I have chosen to work with the Mushroom Data Set from the UCI Machine Learning Repository website for the problems below. This record was drawn from the Audubon Society Field Guide to North American Muschrooms and includes mushrooms’ physical characteristics, including their classification as poisonous or edible.
library(bitops)
library(RCurl)
# Reading data and changing column names for ease
mushr_url = getURL("https://archive.ics.uci.edu/ml/machine-learning-databases/mushroom/agaricus-lepiota.data")

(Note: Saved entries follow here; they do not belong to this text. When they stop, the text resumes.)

(* For every integer $n\geq 3$ and every nonzero cardinal number $\beta\leq 2^{\aleph_0}$, there is a partition of $\mathbb{R}^n$ into exactly $\beta$ pairwise disjoint nonempty subsets, each of which is arcwise connected and dense in $\mathbb{R}^n$.
   Context: $\mathbb{R}^n$ carries its usual Euclidean topology. *)

From Stdlib Require Import Reals Lra.
Open Scope R_scope.

(* Points of R^n: real sequences vanishing from index n on (coordinates 0..n-1). *)
Definition Rn (n : nat) : Type :=
  { x : nat -> R | forall i, (n <= i)%nat -> x i = 0 }.

Fixpoint sqsum (n : nat) (x y : nat -> R) : R :=
  match n with
  | O => 0
  | S k => sqsum k x y + (x k - y k) ^ 2
  end.

Definition dist (n : nat) (x y : Rn n) : R :=
  sqrt (sqsum n (proj1_sig x) (proj1_sig y)).

Definition continuous_on01 (n : nat) (f : R -> Rn n) : Prop :=
  forall t, 0 <= t <= 1 -> forall eps, eps > 0 ->
    exists delta, delta > 0 /\
      forall s, 0 <= s <= 1 -> Rabs (s - t) < delta -> dist n (f s) (f t) < eps.

Definition arcwise_connected (n : nat) (A : Rn n -> Prop) : Prop :=
  forall a b, A a -> A b -> a <> b ->
    exists f : R -> Rn n,
      continuous_on01 n f /\ f 0 = a /\ f 1 = b /\
      (forall t, 0 <= t <= 1 -> A (f t)) /\
      (forall s t, 0 <= s <= 1 -> 0 <= t <= 1 -> f s = f t -> s = t).

Definition dense (n : nat) (A : Rn n -> Prop) : Prop :=
  forall x eps, eps > 0 -> exists y, A y /\ dist n x y < eps.

(* Label the reals by [I] so that every label class is dense: [a] gets label
   [i] when [frac (k! a)] tends to [squash (g i)], a code of [i] in [0, 1/2].
   Every [y] in [0, 1/2] is such a limit, for [a = sum_k floor (k y) / k!], and
   the limit is unchanged when [a] moves by any [z / N!], so each class is
   dense.  A point of R^n is labelled by [x1] if [x1 = x2] and by [x0]
   otherwise.  A cell is thus a union of the flats [x1 = x2 = c] and of the
   punctured hyperplanes [x0 = c, x1 <> x2] over a dense set of [c]; any two
   of its points are joined inside it by a polygonal path through at most
   three such pieces, and the path is an arc because a lexicographic key built
   from linear forms increases strictly along it. *)

From Pilot Require Import Defs.
From Stdlib Require Import Reals.
Open Scope R_scope.
From Stdlib Require Import Lra Lia ZArith ClassicalEpsilon FunctionalExtensionality ProofIrrelevance.

Lemma frac_part_of_Z_plus (z : Z) (w : R) : 0 <= w < 1 -> frac_part (IZR z + w) = w.
Proof. intros Hw. symmetry. apply (Int_part_frac_part_spec _ z); auto. Qed.

Lemma frac_part_plus_Z (x : R) (z : Z) : frac_part (x + IZR z) = frac_part x.
Proof.
  rewrite (Rplus_Int_part_frac_part x) at 1.
  replace (IZR (Int_part x) + frac_part x + IZR z)
    with (IZR (Int_part x + z) + frac_part x) by (rewrite plus_IZR; ring).
  apply frac_part_of_Z_plus. destruct (base_fp x). lra.
Qed.

Lemma Un_cv_const (c : R) : Un_cv (fun _ => c) c.
Proof. intros eps Heps. exists O. intros k _. unfold R_dist. rewrite Rminus_diag, Rabs_R0. lra. Qed.

Lemma inv_succ_small (eps : R) : 0 < eps -> exists N, forall k, (N <= k)%nat -> 1 / INR (S k) < eps.
Proof.
  intros Heps. destruct (archimed_cor1 eps Heps) as [N [HN HN0]]. exists N. intros k Hk.
  assert (HNk : INR N <= INR (S k)) by (apply le_INR; lia).
  assert (0 < INR N) by (apply lt_0_INR; lia).
  apply Rle_lt_trans with (/ INR N); [|exact HN].
  unfold Rdiv. rewrite Rmult_1_l. apply Rinv_le_contravar; lra.
Qed.

Definition fact_frac (s : R) (k : nat) : R := frac_part (INR (fact k) * s).

Section FactorialExpansion.

Variable y : R.
(* [y <= 1/2] is what makes the upper bound of [tail_bounds] inductive. *)
Hypothesis Hy : 0 <= y <= 1 / 2.

Definition digit (k : nat) : Z := Int_part (INR k * y).

Lemma digit_bounds (k : nat) :
  0 <= IZR (digit k) /\ IZR (digit k) <= INR k * y < IZR (digit k) + 1.
Proof.
  unfold digit. destruct (base_Int_part (INR k * y)) as [H1 H2].
  assert (0 <= INR k * y) by (apply Rmult_le_pos; [apply pos_INR | lra]).
  assert (HZ : (-1 < Int_part (INR k * y))%Z) by (apply lt_IZR; simpl; lra).
  assert (HZ' : (0 <= Int_part (INR k * y))%Z) by lia.
  apply IZR_le in HZ'. lra.
Qed.

Fixpoint numer (k : nat) : Z :=
  match k with
  | O => 0
  | S k' => Z.of_nat (S k') * numer k' + digit (S k')
  end.

Definition partial (k : nat) : R := IZR (numer k) / INR (fact k).

Lemma partial_S (k : nat) :
  partial (S k) - partial k = IZR (digit (S k)) / INR (fact (S k)).
Proof.
  unfold partial. cbn [numer]. change (fact (S k)) with (S k * fact k)%nat.
  rewrite mult_INR, plus_IZR, mult_IZR, <- INR_IZR_INZ.
  assert (H1 := INR_fact_lt_0 k). assert (H2 : 0 < INR (S k)) by (apply lt_0_INR; lia).
  field. lra.
Qed.

Lemma partial_growing : Un_growing partial.
Proof.
  intros k. assert (E := partial_S k). destruct (digit_bounds (S k)) as [D _].
  assert (0 <= IZR (digit (S k)) / INR (fact (S k))).
  { apply Rle_mult_inv_pos; [exact D | apply INR_fact_lt_0]. }
  lra.
Qed.

Definition tail (k m : nat) : R := INR (fact k) * (partial (m + k) - partial k).

Lemma tail_S (k m : nat) :
  tail k (S m) = (IZR (digit (S k)) + tail (S k) m) / INR (S k).
Proof.
  unfold tail. replace (S m + k)%nat with (m + S k)%nat by lia.
  assert (E := partial_S k). change (fact (S k)) with (S k * fact k)%nat in *.
  rewrite mult_INR in *.
  assert (H1 := INR_fact_lt_0 k). assert (H2 : 0 < INR (S k)) by (apply lt_0_INR; lia).
  replace (partial (m + S k) - partial k)
    with ((partial (m + S k) - partial (S k)) + (partial (S k) - partial k)) by ring.
  rewrite E. field. lra.
Qed.

Lemma tail_bounds (m k : nat) : 0 <= tail k m <= y + 1 / INR (S k).
Proof.
  revert k. induction m as [|m IH]; intros k.
  - unfold tail. rewrite Nat.add_0_l, Rminus_diag, Rmult_0_r.
    assert (0 < INR (S k)) by (apply lt_0_INR; lia).
    assert (0 < 1 / INR (S k)) by (apply Rdiv_lt_0_compat; lra). lra.
  - rewrite tail_S. destruct (IH (S k)) as [T1 T2].
    destruct (digit_bounds (S k)) as [D0 [D1 D2]].
    assert (HN : 1 <= INR (S k)) by (apply (le_INR 1); lia).
    assert (HN2 : 2 <= INR (S (S k))) by (apply (le_INR 2); lia).
    assert (1 / INR (S (S k)) <= 1 / 2).
    { apply Rmult_le_reg_r with (INR (S (S k))); [lra|]. unfold Rdiv. field_simplify; lra. }
    set (N := INR (S k)) in *. set (t := tail (S k) m) in *.
    split.
    + apply Rle_mult_inv_pos; lra.
    + apply Rmult_le_reg_r with N; [lra|].
      replace ((IZR (digit (S k)) + t) / N * N) with (IZR (digit (S k)) + t) by (field; lra).
      replace ((y + 1 / N) * N) with (N * y + 1) by (field; lra). lra.
Qed.

Lemma tail_S_lower (m k : nat) : y - 1 / INR (S k) <= tail k (S m).
Proof.
  rewrite tail_S. destruct (tail_bounds m (S k)) as [T1 _].
  destruct (digit_bounds (S k)) as [_ [_ D2]].
  assert (HN : 1 <= INR (S k)) by (apply (le_INR 1); lia).
  set (N := INR (S k)) in *. set (t := tail (S k) m) in *.
  apply Rmult_le_reg_r with N; [lra|].
  replace ((IZR (digit (S k)) + t) / N * N) with (IZR (digit (S k)) + t) by (field; lra).
  replace ((y - 1 / N) * N) with (N * y - 1) by (field; lra). lra.
Qed.

Lemma partial_bounded : has_ub partial.
Proof.
  exists (y + 1). intros r [k ->].
  destruct (tail_bounds k 0) as [_ H]. unfold tail in H.
  rewrite Nat.add_0_r in H. unfold partial at 2 in H. cbn [numer fact INR IZR] in H.
  replace (1 / 1) with 1 in H by field. unfold Rdiv in H. rewrite Rmult_0_l in H. lra.
Qed.

Section Limit.

Variable s : R.
Hypothesis Hs : Un_cv partial s.

Lemma tail_cv (k : nat) : Un_cv (tail k) (INR (fact k) * (s - partial k)).
Proof.
  apply CV_mult; [apply Un_cv_const |].
  apply CV_minus; [apply CV_shift', Hs | apply Un_cv_const].
Qed.

Lemma remainder_bounds (k : nat) :
  0 <= INR (fact k) * (s - partial k) /\
  y - 1 / INR (S k) <= INR (fact k) * (s - partial k) <= y + 1 / INR (S k).
Proof.
  repeat split.
  - eapply Rle_cv_lim with (Un := fun _ => 0) (Vn := tail k);
      [intros m; apply (tail_bounds m k) | apply Un_cv_const | apply tail_cv].
  - eapply Rle_cv_lim with (Vn := fun m => tail k (m + 1)).
    + intros m. rewrite Nat.add_1_r. apply tail_S_lower.
    + apply Un_cv_const.
    + apply CV_shift', tail_cv.
  - eapply Rle_cv_lim with (Un := tail k) (Vn := fun _ => y + 1 / INR (S k));
      [intros m; apply (tail_bounds m k) | apply tail_cv | apply Un_cv_const].
Qed.

Lemma fact_frac_cv : Un_cv (fact_frac s) y.
Proof.
  intros eps Heps.
  destruct (inv_succ_small (Rmin eps (1 / 2)) ltac:(apply Rmin_glb_lt; lra)) as [N HN].
  exists N. intros k Hk. specialize (HN k Hk).
  assert (Hm1 := Rmin_l eps (1 / 2)). assert (Hm2 := Rmin_r eps (1 / 2)).
  destruct (remainder_bounds k) as [R0 [R1 R2]].
  assert (Hsplit : INR (fact k) * s = IZR (numer k) + INR (fact k) * (s - partial k)).
  { unfold partial. assert (H := INR_fact_lt_0 k). field. lra. }
  unfold fact_frac, R_dist. rewrite Hsplit, frac_part_of_Z_plus by lra.
  apply Rabs_def1; lra.
Qed.

End Limit.

End FactorialExpansion.

Lemma fact_frac_limit_exists (y : R) : 0 <= y <= 1 / 2 -> exists s, Un_cv (fact_frac s) y.
Proof.
  intros Hy. destruct (growing_cv _ (partial_growing y Hy) (partial_bounded y Hy)) as [s Hs].
  exists s. exact (fact_frac_cv y Hy s Hs).
Qed.

Lemma fact_divides (N k : nat) : (N <= k)%nat -> exists c, fact k = (c * fact N)%nat.
Proof.
  induction 1 as [|k _ [c Hc]].
  - exists 1%nat. lia.
  - exists (S k * c)%nat. cbn [fact]. rewrite Hc. lia.
Qed.

Lemma fact_frac_cv_shift (s y : R) (N : nat) (z : Z) :
  Un_cv (fact_frac s) y -> Un_cv (fact_frac (s + IZR z / INR (fact N))) y.
Proof.
  intros Hs eps Heps. destruct (Hs eps Heps) as [M HM].
  exists (M + N)%nat. intros k Hk.
  destruct (fact_divides N k ltac:(lia)) as [c Hc].
  unfold fact_frac.
  replace (INR (fact k) * (s + IZR z / INR (fact N)))
    with (INR (fact k) * s + IZR (z * Z.of_nat c)).
  - rewrite frac_part_plus_Z. apply HM. lia.
  - rewrite mult_IZR, <- INR_IZR_INZ, Hc, mult_INR.
    assert (F := INR_fact_lt_0 N). field. lra.
Qed.

Lemma le_fact (n : nat) : (n <= fact n)%nat.
Proof. induction n as [|n IH]; cbn [fact]; [lia |]. pose proof (lt_O_fact n). nia. Qed.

mushr = read.csv(text = mushr_url, header = F)
names(mushr) = c("Class", "CapShape", "CapSurface",
"CapColor", "Bruising", "Odor", "GillAttachment",
"GillSpacing", "GillSize", "GillColor", "StalkShape",
"StalkRoot", "HighStalk", "LowStalk", "ColorHigh",
"ColorLow", "VeilType", "VeilColor", "RingNumber",
"RingType", "SporeColor", "Population", "Habitat")
head(mushr)
## Class CapShape CapSurface CapColor Bruising Odor GillAttachment
## 1 p x s n t p f
## 2 e x s y t a f
## 3 e b s w t l f
## 4 p x y w t p f
## 5 e x s g f n f
## 6 e x y y t a f
## GillSpacing GillSize GillColor StalkShape StalkRoot HighStalk LowStalk
## 1 c n k e e s s
## 2 c b k e c s s
## 3 c b n e c s s
## 4 c n n e e s s
## 5 w b k t e s s
## 6 c b n e c s s
## ColorHigh ColorLow VeilType VeilColor RingNumber RingType SporeColor
## 1 w w p w o p k
## 2 w w p w o p n
## 3 w w p w o p n
## 4 w w p w o p k
## 5 w w p w o e n
## 6 w w p w o p k
## Population Habitat
## 1 s u
## 2 n g
## 3 n m
## 4 s u
## 5 a g
## 6 n g
Below, I have created a dataframe that subsets the columns to include whether the mushrooms are edible or not, the cap shape, the texture of the caps’ surface, the cap color, whether the mushroom is bruised and the mushrooms’ habitat. The data abbreviations were changed in order to make the entries more understandable upon first glance.
# Subsetting data
sub_mushr = subset(mushr, select = c("Class", "CapShape", "CapSurface", "Bruising", "Habitat"))
head(sub_mushr)
## Class CapShape CapSurface Bruising Habitat
## 1 p x s t u
## 2 e x s t g
## 3 e b s t m
## 4 p x y t u
## 5 e x s f g
## 6 e x y t g
# Data abbreviations changed for each column
levels(sub_mushr$Class) = c("edible", "poisonous")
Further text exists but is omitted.